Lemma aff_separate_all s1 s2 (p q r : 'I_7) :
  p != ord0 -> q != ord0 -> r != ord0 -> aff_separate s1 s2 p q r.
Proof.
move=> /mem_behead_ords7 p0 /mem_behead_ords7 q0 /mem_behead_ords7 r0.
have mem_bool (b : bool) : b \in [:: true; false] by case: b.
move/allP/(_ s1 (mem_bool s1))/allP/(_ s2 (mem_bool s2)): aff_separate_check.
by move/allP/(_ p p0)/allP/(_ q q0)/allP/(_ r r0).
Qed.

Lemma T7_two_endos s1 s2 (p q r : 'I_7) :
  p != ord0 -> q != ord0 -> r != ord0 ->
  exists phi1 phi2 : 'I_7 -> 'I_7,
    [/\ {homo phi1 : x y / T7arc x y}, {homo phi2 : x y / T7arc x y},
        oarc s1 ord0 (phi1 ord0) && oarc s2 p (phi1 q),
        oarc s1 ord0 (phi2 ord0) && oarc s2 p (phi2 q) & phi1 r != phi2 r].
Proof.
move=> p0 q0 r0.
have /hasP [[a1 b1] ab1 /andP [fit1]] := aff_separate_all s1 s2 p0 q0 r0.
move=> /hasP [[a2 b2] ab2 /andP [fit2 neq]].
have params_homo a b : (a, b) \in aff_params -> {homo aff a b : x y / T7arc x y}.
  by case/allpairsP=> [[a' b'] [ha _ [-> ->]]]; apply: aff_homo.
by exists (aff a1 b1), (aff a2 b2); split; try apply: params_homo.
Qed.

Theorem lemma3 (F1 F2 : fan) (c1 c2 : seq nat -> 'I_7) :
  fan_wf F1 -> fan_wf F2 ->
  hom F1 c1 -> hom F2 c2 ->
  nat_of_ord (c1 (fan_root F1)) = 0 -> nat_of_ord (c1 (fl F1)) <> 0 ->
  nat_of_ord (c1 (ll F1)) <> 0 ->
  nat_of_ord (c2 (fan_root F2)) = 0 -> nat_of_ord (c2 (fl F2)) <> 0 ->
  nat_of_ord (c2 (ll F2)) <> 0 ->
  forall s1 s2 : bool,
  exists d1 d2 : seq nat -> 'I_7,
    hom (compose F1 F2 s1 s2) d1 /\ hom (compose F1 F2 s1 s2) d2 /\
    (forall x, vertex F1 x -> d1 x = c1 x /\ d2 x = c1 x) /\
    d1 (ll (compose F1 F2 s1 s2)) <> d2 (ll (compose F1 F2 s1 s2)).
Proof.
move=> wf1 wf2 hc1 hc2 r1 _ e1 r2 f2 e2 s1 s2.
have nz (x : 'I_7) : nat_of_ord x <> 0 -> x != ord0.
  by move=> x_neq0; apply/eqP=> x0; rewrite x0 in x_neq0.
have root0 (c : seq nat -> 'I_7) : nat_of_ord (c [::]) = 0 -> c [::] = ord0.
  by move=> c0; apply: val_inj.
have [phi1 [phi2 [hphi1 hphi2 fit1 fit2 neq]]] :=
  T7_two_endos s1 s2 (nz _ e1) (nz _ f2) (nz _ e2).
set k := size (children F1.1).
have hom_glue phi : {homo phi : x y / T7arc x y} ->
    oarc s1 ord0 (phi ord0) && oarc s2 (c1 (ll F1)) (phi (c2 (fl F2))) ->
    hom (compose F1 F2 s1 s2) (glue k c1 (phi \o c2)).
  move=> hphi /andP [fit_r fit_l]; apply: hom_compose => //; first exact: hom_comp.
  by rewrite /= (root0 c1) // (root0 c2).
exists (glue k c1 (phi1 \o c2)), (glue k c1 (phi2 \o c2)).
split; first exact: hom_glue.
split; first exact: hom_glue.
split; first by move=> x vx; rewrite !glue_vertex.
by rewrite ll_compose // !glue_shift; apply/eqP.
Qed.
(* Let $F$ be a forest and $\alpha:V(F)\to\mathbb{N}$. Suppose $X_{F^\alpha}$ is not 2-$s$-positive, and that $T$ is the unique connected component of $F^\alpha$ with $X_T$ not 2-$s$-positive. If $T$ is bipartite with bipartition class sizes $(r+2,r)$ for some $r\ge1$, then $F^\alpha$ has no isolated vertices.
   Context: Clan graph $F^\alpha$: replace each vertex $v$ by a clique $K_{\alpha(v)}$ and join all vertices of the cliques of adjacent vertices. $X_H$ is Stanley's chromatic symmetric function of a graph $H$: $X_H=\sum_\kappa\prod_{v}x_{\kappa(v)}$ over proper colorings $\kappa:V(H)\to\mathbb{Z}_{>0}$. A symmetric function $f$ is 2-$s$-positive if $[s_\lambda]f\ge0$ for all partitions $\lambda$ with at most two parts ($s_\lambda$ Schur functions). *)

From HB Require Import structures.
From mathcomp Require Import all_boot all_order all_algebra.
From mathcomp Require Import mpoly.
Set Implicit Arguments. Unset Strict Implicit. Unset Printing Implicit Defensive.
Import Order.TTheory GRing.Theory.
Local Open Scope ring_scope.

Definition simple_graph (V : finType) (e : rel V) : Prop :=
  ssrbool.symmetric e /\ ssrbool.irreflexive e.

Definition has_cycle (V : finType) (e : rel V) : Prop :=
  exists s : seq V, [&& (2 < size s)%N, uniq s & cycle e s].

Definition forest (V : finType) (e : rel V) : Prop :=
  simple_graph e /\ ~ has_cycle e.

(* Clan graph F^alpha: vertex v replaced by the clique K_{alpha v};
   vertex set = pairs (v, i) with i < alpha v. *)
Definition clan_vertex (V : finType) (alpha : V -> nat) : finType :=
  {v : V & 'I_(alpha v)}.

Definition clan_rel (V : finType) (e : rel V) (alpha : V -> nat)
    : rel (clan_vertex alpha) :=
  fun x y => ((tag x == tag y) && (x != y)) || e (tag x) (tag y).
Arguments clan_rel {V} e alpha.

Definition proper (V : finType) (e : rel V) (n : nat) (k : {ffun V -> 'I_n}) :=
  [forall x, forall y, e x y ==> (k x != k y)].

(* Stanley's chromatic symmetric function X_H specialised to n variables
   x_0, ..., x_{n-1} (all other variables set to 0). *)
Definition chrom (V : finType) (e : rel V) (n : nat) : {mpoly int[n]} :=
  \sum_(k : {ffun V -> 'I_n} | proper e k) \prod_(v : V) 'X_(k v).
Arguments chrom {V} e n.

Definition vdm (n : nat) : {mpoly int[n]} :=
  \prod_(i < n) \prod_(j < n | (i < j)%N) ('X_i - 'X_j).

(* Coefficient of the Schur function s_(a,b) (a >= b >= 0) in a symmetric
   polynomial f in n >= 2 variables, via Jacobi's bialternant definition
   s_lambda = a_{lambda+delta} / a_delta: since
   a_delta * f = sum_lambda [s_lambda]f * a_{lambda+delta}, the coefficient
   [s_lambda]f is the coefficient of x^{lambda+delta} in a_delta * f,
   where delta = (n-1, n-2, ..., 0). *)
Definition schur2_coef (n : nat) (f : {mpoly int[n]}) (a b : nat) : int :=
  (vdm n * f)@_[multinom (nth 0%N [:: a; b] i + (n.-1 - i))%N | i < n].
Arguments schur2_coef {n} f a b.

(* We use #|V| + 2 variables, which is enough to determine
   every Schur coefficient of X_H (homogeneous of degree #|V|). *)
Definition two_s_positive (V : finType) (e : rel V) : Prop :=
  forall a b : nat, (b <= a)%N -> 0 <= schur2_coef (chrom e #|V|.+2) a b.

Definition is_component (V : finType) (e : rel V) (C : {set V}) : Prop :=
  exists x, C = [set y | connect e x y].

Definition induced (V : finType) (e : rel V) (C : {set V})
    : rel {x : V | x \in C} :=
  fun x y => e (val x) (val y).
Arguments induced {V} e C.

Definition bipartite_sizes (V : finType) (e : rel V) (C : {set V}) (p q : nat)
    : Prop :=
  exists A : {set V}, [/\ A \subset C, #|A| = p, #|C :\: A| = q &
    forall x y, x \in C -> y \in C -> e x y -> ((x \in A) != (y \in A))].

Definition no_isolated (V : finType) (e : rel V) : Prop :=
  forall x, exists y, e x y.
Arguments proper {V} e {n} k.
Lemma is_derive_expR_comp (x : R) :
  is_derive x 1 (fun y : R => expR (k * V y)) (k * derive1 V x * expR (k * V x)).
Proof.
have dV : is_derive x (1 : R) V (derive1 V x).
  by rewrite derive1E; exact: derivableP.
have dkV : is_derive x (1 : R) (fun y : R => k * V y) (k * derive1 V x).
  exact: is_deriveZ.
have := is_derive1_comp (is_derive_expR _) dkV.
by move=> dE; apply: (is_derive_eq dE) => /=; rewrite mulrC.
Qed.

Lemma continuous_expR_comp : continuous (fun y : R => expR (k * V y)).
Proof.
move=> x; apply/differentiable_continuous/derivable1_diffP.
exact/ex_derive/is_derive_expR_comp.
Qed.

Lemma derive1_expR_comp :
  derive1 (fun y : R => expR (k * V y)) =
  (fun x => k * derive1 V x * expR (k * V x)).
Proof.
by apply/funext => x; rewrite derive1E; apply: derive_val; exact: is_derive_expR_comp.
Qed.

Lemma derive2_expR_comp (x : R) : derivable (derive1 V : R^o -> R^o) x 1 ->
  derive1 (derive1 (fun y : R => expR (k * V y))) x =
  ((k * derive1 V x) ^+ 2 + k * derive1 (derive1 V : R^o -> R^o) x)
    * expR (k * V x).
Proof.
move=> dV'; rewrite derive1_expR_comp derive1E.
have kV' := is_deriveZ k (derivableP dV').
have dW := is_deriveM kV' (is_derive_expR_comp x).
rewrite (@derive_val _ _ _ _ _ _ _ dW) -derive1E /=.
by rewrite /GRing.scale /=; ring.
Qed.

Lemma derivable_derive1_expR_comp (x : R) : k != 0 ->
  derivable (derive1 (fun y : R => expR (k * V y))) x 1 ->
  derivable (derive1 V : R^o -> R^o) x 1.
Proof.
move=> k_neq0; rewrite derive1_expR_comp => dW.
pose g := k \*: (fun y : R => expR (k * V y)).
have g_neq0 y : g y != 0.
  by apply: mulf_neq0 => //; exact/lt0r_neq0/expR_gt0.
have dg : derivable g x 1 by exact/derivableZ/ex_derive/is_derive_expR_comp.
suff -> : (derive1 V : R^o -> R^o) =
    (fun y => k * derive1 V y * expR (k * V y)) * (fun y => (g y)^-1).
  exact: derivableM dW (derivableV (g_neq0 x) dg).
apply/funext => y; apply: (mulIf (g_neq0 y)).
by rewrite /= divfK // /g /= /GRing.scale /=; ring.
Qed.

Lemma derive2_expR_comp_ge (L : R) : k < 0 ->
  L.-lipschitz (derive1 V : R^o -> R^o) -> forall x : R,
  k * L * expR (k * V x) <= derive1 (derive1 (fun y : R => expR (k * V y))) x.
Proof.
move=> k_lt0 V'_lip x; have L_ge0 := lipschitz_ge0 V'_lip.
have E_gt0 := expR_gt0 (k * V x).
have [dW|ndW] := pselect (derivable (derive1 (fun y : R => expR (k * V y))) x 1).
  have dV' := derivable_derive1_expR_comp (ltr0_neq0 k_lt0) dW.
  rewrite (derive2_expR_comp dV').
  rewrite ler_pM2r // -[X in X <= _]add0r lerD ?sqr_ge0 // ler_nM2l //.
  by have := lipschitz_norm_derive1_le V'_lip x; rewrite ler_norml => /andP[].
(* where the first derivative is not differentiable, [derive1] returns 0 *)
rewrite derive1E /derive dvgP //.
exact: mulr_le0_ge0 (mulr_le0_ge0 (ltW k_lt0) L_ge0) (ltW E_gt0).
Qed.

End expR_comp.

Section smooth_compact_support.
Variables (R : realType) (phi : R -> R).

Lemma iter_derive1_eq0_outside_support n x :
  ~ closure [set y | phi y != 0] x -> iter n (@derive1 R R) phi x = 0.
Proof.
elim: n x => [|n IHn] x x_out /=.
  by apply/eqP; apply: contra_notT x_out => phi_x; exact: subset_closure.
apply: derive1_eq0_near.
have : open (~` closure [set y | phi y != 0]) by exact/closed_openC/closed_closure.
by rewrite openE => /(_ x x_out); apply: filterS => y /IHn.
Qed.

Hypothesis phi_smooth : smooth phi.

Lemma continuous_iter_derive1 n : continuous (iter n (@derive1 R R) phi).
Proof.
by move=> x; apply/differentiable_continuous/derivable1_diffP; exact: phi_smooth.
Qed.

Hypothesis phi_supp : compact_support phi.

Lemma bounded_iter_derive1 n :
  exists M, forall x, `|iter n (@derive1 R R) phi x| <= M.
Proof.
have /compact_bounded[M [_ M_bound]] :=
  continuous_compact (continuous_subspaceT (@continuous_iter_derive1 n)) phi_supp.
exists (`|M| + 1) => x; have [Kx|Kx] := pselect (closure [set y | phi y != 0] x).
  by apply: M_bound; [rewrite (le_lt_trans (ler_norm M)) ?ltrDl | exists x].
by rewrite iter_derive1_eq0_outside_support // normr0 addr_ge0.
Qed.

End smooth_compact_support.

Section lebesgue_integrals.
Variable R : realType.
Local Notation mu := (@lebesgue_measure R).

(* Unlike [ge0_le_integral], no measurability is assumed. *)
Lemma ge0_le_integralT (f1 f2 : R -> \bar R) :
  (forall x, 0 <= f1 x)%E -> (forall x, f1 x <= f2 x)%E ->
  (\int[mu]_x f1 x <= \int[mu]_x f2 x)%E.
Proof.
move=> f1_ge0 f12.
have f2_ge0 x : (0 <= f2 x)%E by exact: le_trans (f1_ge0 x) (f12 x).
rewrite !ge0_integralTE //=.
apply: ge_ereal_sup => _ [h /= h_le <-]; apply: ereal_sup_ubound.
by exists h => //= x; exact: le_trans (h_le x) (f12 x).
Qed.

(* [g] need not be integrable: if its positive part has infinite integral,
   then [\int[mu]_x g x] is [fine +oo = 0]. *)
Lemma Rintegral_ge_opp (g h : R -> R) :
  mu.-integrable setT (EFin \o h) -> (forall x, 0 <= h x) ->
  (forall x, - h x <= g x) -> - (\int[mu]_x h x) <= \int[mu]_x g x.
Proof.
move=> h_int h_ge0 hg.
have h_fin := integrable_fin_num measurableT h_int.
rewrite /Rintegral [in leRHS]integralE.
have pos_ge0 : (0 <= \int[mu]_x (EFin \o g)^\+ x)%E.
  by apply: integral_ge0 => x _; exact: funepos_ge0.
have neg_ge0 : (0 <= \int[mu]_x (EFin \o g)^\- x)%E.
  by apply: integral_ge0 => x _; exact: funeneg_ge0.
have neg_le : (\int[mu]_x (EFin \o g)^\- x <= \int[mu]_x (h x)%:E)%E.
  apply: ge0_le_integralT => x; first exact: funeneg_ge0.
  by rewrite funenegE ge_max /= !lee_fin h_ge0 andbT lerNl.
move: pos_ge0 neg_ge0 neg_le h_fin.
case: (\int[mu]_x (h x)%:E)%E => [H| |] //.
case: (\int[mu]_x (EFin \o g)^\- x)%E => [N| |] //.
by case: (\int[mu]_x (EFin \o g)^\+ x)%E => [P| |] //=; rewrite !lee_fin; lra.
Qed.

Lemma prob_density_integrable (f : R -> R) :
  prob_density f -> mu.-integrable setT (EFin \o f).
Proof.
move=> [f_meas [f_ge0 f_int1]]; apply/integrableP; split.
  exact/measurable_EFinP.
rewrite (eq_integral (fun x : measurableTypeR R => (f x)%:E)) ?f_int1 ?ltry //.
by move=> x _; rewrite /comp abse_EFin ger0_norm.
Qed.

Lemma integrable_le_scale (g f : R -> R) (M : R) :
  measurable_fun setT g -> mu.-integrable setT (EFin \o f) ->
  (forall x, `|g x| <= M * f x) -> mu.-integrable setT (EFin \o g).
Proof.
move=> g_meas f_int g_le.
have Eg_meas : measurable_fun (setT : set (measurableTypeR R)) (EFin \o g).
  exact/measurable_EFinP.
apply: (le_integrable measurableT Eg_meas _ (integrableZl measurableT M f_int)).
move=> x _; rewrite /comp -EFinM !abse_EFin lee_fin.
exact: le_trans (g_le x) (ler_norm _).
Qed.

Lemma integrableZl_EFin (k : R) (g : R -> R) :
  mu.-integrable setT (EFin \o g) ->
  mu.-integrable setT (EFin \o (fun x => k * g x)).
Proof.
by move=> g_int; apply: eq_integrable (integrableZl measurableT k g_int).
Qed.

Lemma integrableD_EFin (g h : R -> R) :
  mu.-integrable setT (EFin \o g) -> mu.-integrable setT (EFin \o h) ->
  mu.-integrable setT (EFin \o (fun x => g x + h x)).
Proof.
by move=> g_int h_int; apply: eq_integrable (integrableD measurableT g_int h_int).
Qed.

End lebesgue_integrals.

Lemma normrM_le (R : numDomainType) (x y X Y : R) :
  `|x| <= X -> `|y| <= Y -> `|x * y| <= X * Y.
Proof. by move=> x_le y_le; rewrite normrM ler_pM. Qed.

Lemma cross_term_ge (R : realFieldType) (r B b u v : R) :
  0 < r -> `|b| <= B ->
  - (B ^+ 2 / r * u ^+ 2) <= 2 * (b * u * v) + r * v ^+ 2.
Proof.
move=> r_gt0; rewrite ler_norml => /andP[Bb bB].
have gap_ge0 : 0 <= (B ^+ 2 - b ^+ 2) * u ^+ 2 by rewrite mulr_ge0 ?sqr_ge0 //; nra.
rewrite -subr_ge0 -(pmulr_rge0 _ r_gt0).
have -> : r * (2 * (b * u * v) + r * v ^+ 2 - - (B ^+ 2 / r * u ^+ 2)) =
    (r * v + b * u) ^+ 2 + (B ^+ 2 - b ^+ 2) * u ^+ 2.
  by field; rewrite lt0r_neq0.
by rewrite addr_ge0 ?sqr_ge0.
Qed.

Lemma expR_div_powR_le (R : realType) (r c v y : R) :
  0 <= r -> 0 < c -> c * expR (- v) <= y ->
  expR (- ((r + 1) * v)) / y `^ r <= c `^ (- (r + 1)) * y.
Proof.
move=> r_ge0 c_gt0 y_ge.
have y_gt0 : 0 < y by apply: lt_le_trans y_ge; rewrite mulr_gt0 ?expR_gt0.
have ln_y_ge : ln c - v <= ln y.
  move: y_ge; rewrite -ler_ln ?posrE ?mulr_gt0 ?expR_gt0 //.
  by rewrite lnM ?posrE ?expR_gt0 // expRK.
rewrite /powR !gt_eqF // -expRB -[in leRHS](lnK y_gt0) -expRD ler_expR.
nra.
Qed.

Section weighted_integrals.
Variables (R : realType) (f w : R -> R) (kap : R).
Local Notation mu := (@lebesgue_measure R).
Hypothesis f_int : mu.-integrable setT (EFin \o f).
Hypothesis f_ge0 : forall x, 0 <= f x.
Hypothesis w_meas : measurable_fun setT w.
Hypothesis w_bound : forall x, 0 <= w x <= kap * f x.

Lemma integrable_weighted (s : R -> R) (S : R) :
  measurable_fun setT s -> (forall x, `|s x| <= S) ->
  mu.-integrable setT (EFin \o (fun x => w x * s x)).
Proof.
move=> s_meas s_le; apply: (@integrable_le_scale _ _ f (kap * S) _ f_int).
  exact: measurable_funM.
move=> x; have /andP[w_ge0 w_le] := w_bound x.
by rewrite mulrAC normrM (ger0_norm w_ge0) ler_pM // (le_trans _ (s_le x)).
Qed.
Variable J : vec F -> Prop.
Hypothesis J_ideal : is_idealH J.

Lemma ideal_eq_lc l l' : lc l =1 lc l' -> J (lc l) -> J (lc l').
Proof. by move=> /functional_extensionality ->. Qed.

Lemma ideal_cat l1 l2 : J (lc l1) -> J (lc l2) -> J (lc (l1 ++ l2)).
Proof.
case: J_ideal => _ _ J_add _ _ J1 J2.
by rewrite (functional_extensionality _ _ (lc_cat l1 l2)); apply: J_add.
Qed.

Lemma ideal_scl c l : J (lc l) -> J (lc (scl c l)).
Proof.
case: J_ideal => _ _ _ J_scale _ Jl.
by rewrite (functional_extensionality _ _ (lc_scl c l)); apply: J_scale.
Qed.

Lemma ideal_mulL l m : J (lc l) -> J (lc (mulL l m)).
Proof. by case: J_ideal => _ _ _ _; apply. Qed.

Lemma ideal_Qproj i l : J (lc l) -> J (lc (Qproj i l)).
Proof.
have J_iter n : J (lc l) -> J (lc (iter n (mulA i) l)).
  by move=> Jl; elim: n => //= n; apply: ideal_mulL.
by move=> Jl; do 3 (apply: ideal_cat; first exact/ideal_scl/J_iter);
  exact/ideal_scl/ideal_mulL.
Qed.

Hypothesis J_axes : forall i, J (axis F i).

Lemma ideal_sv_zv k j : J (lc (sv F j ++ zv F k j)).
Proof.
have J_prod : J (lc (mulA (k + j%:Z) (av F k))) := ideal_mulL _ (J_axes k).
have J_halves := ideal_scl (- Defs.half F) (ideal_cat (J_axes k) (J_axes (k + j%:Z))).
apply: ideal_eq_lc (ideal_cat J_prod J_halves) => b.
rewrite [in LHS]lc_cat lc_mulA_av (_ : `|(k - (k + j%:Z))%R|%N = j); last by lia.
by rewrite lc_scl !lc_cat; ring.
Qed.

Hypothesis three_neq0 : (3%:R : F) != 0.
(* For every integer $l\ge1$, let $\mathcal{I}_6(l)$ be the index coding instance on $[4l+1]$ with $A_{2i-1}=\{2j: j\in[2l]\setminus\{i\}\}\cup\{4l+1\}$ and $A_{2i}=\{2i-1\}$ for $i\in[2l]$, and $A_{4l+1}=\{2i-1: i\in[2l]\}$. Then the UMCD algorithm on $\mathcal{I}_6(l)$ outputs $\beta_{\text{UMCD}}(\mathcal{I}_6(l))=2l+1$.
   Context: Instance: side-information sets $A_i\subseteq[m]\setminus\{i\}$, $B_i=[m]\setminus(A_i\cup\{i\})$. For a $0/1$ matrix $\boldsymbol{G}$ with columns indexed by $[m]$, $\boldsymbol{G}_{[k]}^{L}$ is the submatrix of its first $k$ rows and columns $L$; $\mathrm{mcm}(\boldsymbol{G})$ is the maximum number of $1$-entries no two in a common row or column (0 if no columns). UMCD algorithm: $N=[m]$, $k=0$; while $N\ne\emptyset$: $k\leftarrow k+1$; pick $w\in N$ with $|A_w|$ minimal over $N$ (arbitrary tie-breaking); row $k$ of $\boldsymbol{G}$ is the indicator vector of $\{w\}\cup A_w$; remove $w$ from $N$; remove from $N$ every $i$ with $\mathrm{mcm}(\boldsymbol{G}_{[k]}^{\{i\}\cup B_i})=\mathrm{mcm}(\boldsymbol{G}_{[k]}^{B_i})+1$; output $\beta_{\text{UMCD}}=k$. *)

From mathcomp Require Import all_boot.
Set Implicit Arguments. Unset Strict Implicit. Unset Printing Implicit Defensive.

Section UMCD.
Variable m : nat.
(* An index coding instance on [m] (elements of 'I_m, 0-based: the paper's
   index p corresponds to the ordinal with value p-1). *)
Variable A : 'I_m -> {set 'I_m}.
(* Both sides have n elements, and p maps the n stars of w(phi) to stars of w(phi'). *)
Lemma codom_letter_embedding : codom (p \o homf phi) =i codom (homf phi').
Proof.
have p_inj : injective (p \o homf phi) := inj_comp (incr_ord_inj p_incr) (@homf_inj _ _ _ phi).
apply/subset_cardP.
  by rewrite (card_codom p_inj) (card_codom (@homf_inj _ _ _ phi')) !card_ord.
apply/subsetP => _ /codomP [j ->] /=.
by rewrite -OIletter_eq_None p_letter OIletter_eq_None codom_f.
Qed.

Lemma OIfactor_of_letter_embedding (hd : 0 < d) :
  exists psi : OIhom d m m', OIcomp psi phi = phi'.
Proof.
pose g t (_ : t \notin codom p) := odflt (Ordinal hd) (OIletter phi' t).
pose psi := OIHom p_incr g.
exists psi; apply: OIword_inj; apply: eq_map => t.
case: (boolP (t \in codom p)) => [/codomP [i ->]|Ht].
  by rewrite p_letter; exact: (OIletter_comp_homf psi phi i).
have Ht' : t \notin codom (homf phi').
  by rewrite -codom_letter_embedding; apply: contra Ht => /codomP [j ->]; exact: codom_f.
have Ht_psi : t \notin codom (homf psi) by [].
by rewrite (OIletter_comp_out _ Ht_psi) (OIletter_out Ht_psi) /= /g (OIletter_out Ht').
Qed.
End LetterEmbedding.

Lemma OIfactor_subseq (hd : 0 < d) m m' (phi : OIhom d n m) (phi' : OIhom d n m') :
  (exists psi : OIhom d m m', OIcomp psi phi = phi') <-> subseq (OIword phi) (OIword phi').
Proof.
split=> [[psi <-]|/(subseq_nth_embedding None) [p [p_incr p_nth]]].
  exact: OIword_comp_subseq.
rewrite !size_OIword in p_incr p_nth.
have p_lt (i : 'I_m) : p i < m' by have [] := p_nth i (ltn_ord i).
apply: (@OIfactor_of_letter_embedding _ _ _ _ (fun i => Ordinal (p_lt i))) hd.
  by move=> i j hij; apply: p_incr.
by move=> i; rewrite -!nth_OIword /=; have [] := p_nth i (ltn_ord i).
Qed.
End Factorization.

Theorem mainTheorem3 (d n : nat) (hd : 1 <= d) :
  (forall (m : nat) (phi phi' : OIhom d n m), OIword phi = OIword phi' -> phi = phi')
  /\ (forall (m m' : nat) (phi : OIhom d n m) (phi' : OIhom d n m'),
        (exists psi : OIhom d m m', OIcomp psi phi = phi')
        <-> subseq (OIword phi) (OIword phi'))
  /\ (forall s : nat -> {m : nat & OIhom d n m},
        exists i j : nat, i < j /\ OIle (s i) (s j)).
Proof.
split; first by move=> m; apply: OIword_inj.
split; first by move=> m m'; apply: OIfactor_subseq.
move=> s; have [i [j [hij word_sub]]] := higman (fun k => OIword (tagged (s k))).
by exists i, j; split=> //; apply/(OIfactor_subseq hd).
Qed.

★ ★ ★ ★

Repeat exactly the lines from the first line of the records above through the line containing "move=> p0 q0 r0.", both included, and nothing else.

● Solution for this task:
Lemma aff_separate_all s1 s2 (p q r : 'I_7) :
  p != ord0 -> q != ord0 -> r != ord0 -> aff_separate s1 s2 p q r.
Proof.
move=> /mem_behead_ords7 p0 /mem_behead_ords7 q0 /mem_behead_ords7 r0.
have mem_bool (b : bool) : b \in [:: true; false] by case: b.
move/allP/(_ s1 (mem_bool s1))/allP/(_ s2 (mem_bool s2)): aff_separate_check.
by move/allP/(_ p p0)/allP/(_ q q0)/allP/(_ r r0).
Qed.

Lemma T7_two_endos s1 s2 (p q r : 'I_7) :
  p != ord0 -> q != ord0 -> r != ord0 ->
  exists phi1 phi2 : 'I_7 -> 'I_7,
    [/\ {homo phi1 : x y / T7arc x y}, {homo phi2 : x y / T7arc x y},
        oarc s1 ord0 (phi1 ord0) && oarc s2 p (phi1 q),
        oarc s1 ord0 (phi2 ord0) && oarc s2 p (phi2 q) & phi1 r != phi2 r].
Proof.
move=> p0 q0 r0.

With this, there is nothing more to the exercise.